PROMPT: Isolate every line in the data with the string "Lemma" and copy it.

PROVIDED MATERIAL Start Marker

Lemma rayleigh_den_le (rho : R -> R) (M alpha_a alpha_b beta_a beta_b : R) :
  beta_a <= M * alpha_a -> beta_b <= M * alpha_b ->
  (forall x, a <= x <= b -> continuous rho x) ->
  (forall x, a < x < b -> w x <= M * rho x) ->
  rayleigh_den beta_a beta_b
  <= M * (alpha_a * Cmod (f a) ^ 2 + alpha_b * Cmod (f b) ^ 2
          + RInt (fun x => rho x * Cmod (f x) ^ 2) a b).
Proof.
  intros Ha Hb Hrho Hw_le.
  assert (HIrho : ex_RInt (fun x => rho x * Cmod (f x) ^ 2) a b).
  { apply ex_RInt_weighted_Cmod_sqr; [lra|].
    intros x Hx. split; [apply Hrho, Hx | apply (continuous_p_f_f' x Hx)]. }
  assert (HIw : Iw <= M * RInt (fun x => rho x * Cmod (f x) ^ 2) a b).
  { rewrite <- (RInt_scal (V := R_CompleteNormedModule)) by exact HIrho.
    apply RInt_le; [lra | | |].
    - apply ex_RInt_weighted_Cmod_sqr; [lra|].
      intros x Hx. split; [apply Hw, Hx | apply (continuous_p_f_f' x Hx)].
    - apply (ex_RInt_scal (V := R_CompleteNormedModule)), HIrho.
    - intros x Hx. change (scal M (rho x * Cmod (f x) ^ 2)) with (M * (rho x * Cmod (f x) ^ 2)).
      rewrite <- Rmult_assoc. apply Rmult_le_compat_r; [apply pow2_ge_0 | apply Hw_le, Hx]. }
  assert (Hfa := pow2_ge_0 (Cmod (f a))). assert (Hfb := pow2_ge_0 (Cmod (f b))).
  unfold rayleigh_den.
  assert (beta_a * Cmod (f a) ^ 2 <= M * alpha_a * Cmod (f a) ^ 2)
    by (apply Rmult_le_compat_r; lra).
  assert (beta_b * Cmod (f b) ^ 2 <= M * alpha_b * Cmod (f b) ^ 2)
    by (apply Rmult_le_compat_r; lra).
  nra.
Qed.

Section Eigenfunction.

Variable lam : C.
Hypothesis Hode : forall x, a < x < b ->
  is_derive_C (fun y => RtoC (p y) * f' y)%C x ((RtoC (q x) - lam * RtoC (w x)) * f x)%C.

Lemma boundary_form_derivative_interior x : a < x < b ->
  bform' x = (RtoC (p x * Cmod (f' x) ^ 2 + q x * Cmod (f x) ^ 2)%R
          - lam * RtoC (w x * Cmod (f x) ^ 2)%R)%C.
Proof.
  intros Hx.
  assert (Hflux : (RtoC (dp x) * f' x + RtoC (p x) * f'' x)%C
                  = ((RtoC (q x) - lam * RtoC (w x)) * f x)%C).
  { apply (is_derive_C_unique (fun y => RtoC (p y) * f' y)%C x); [|apply Hode, Hx].
    apply is_derive_C_RtoC_mult; [apply Hp | apply Hf']; lra. }
  unfold bform'. rewrite Hflux, !RtoC_plus, !RtoC_mult, !Cmod2_conj. ring.
Qed.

PROVIDED MATERIAL End Marker

TASK ANSWER:
Lemma rayleigh_den_le (rho : R -> R) (M alpha_a alpha_b beta_a beta_b : R) :
Lemma boundary_form_derivative_interior x : a < x < b ->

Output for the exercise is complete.